### [Required work]
Only one stretch of the data is wanted: the line containing "repeat apply Rmult_lt_0_compat;", the line containing "exists l. split; [exact Hder|].", and every line between them, copied exactly.

### [Source data]
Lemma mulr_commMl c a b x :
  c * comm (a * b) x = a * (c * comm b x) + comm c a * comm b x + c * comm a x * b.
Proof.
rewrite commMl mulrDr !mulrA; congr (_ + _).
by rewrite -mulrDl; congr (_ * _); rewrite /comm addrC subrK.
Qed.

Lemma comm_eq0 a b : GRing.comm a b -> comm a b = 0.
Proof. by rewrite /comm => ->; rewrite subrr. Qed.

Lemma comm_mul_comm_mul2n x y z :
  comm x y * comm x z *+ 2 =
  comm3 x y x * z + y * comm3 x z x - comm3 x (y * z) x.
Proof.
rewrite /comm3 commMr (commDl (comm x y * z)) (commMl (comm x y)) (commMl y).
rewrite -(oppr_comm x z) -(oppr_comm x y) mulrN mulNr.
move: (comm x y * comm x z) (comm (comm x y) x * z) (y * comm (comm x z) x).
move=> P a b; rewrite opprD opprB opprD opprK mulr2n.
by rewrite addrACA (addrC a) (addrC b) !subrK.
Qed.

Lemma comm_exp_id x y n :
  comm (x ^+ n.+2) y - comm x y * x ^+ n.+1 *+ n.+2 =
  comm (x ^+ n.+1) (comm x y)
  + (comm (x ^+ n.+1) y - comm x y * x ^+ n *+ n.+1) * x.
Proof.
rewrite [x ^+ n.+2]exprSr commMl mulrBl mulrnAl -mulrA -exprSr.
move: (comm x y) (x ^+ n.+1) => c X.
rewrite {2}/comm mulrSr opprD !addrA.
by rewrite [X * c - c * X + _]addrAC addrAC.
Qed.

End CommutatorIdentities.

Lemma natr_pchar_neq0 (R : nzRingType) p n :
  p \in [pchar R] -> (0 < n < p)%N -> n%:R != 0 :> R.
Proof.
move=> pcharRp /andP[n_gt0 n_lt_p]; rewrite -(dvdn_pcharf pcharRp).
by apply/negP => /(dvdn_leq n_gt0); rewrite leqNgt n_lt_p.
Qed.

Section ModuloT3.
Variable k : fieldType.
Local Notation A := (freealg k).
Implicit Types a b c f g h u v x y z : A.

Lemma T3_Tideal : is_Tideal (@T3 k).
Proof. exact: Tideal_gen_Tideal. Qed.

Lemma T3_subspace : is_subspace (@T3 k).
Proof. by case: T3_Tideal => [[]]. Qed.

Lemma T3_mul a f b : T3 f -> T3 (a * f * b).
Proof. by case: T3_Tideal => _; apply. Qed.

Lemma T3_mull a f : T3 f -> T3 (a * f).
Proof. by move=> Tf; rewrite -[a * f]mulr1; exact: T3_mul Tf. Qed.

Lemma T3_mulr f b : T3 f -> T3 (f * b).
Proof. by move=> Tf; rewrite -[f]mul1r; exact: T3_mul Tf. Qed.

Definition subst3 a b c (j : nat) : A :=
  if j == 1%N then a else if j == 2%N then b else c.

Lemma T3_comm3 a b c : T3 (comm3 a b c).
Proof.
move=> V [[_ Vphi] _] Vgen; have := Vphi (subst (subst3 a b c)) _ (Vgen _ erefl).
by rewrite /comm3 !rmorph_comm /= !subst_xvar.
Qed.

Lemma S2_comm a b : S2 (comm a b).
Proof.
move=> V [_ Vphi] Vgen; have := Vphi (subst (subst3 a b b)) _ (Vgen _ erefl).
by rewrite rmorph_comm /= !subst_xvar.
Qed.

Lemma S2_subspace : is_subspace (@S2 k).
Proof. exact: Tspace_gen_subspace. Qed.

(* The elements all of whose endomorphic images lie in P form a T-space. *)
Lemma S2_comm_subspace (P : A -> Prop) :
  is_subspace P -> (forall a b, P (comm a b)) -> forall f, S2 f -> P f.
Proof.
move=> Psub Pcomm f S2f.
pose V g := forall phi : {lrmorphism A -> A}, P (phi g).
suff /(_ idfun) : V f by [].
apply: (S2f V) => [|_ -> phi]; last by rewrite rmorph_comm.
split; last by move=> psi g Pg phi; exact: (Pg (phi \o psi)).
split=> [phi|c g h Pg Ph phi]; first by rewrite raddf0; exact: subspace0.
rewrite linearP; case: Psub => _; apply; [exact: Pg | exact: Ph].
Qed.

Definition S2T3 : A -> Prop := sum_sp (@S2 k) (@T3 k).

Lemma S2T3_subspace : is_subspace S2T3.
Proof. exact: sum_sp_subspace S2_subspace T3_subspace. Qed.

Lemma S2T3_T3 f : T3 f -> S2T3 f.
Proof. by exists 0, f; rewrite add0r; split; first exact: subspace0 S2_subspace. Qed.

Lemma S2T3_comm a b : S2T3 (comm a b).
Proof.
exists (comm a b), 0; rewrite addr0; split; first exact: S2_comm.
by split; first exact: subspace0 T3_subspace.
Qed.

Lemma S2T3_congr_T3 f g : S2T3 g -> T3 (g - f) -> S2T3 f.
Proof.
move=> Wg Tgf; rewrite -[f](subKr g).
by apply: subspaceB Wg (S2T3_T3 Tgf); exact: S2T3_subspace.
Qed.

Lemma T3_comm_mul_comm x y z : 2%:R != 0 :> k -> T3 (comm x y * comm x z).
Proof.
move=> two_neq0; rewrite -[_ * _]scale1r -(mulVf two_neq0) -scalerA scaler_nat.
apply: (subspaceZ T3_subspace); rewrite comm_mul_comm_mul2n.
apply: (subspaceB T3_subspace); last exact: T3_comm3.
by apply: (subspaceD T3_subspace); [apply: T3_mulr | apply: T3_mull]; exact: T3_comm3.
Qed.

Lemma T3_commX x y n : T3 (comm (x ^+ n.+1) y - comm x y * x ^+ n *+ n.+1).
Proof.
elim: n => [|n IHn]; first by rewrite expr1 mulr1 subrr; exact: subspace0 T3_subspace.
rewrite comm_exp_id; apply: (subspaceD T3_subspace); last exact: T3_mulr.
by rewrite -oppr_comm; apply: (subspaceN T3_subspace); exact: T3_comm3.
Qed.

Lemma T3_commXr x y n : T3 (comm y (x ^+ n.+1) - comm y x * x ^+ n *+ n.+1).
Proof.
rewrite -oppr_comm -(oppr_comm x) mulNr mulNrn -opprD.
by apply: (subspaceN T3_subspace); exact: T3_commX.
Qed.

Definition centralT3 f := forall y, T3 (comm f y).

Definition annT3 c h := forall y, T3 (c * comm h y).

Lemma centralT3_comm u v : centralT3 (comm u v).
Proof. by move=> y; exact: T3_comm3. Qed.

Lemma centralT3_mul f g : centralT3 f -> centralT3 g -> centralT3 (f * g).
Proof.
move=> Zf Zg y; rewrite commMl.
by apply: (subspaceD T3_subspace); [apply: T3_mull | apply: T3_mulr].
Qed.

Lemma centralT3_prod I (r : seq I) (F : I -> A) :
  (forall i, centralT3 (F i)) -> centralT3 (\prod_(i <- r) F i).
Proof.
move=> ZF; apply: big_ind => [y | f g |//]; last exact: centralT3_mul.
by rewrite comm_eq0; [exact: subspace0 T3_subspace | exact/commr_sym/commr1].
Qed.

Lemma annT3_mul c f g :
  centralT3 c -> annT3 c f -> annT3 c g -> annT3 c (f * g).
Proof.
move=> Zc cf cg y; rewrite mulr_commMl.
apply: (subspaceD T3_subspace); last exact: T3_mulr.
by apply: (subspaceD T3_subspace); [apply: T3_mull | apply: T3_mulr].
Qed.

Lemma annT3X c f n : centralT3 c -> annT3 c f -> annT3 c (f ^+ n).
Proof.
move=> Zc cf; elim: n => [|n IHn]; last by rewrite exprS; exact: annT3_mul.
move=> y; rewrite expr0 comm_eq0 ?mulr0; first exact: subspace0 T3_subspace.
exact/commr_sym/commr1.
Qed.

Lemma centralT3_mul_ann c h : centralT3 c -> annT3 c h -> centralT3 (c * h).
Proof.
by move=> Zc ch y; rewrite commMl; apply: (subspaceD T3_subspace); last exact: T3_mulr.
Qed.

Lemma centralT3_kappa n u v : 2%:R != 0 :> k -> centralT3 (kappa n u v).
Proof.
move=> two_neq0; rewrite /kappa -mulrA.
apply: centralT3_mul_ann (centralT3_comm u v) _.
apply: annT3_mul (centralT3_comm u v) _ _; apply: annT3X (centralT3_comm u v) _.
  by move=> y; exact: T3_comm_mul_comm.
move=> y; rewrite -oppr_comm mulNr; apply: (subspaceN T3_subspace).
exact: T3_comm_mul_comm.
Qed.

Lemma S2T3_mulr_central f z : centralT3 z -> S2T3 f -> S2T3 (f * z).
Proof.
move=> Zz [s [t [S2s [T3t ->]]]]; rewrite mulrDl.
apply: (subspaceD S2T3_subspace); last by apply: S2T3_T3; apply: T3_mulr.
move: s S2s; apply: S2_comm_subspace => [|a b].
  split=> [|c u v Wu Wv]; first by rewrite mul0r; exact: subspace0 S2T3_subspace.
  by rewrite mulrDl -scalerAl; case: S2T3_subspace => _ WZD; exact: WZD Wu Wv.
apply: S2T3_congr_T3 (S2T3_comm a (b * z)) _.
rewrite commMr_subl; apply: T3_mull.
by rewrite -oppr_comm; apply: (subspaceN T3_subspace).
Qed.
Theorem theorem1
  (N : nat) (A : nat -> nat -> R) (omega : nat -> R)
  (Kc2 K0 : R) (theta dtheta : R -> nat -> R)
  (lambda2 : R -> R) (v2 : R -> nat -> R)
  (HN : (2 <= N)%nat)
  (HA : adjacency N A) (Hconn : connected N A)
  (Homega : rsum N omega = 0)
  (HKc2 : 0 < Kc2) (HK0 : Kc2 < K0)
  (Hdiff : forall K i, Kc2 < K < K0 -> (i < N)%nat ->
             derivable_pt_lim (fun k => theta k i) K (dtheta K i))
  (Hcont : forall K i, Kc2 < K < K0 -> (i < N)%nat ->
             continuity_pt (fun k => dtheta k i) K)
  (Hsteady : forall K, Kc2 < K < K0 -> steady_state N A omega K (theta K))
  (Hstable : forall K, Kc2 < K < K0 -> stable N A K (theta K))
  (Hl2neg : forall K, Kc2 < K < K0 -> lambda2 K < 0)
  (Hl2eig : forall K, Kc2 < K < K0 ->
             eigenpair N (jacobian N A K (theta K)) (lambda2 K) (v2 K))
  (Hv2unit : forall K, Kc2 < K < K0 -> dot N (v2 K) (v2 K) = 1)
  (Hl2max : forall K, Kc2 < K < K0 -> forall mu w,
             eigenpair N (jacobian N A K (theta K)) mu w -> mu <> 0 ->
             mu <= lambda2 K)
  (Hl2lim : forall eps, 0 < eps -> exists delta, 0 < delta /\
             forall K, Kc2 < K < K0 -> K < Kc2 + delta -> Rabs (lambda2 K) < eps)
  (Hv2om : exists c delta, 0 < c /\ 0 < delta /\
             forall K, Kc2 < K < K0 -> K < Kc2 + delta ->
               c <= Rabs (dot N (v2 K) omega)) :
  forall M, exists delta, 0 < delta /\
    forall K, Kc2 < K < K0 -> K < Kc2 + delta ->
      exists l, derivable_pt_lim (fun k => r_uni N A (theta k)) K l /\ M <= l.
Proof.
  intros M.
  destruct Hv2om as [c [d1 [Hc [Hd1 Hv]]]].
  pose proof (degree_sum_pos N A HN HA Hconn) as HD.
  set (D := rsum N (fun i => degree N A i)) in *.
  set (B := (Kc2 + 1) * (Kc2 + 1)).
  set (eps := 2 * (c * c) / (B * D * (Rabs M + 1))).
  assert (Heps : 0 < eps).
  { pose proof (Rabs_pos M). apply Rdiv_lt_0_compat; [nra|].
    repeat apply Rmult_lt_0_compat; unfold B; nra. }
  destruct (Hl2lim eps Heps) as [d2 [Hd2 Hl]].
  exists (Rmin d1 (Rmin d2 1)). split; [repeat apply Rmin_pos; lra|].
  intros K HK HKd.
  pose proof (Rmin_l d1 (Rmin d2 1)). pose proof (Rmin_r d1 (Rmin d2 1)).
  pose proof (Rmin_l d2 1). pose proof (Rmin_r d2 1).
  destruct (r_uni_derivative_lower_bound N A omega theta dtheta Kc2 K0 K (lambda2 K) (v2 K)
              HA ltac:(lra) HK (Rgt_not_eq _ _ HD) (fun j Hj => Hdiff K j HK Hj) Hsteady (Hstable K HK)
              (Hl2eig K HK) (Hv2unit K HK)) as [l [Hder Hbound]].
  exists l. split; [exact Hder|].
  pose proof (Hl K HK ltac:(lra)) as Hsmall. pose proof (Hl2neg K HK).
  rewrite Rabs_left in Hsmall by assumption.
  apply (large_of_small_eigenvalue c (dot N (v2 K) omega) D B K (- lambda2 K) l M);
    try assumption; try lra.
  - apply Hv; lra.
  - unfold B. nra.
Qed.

### [Solution for this task]
    repeat apply Rmult_lt_0_compat; unfold B; nra. }
  destruct (Hl2lim eps Heps) as [d2 [Hd2 Hl]].
  exists (Rmin d1 (Rmin d2 1)). split; [repeat apply Rmin_pos; lra|].
  intros K HK HKd.
  pose proof (Rmin_l d1 (Rmin d2 1)). pose proof (Rmin_r d1 (Rmin d2 1)).
  pose proof (Rmin_l d2 1). pose proof (Rmin_r d2 1).
  destruct (r_uni_derivative_lower_bound N A omega theta dtheta Kc2 K0 K (lambda2 K) (v2 K)
              HA ltac:(lra) HK (Rgt_not_eq _ _ HD) (fun j Hj => Hdiff K j HK Hj) Hsteady (Hstable K HK)
              (Hl2eig K HK) (Hv2unit K HK)) as [l [Hder Hbound]].
  exists l. split; [exact Hder|].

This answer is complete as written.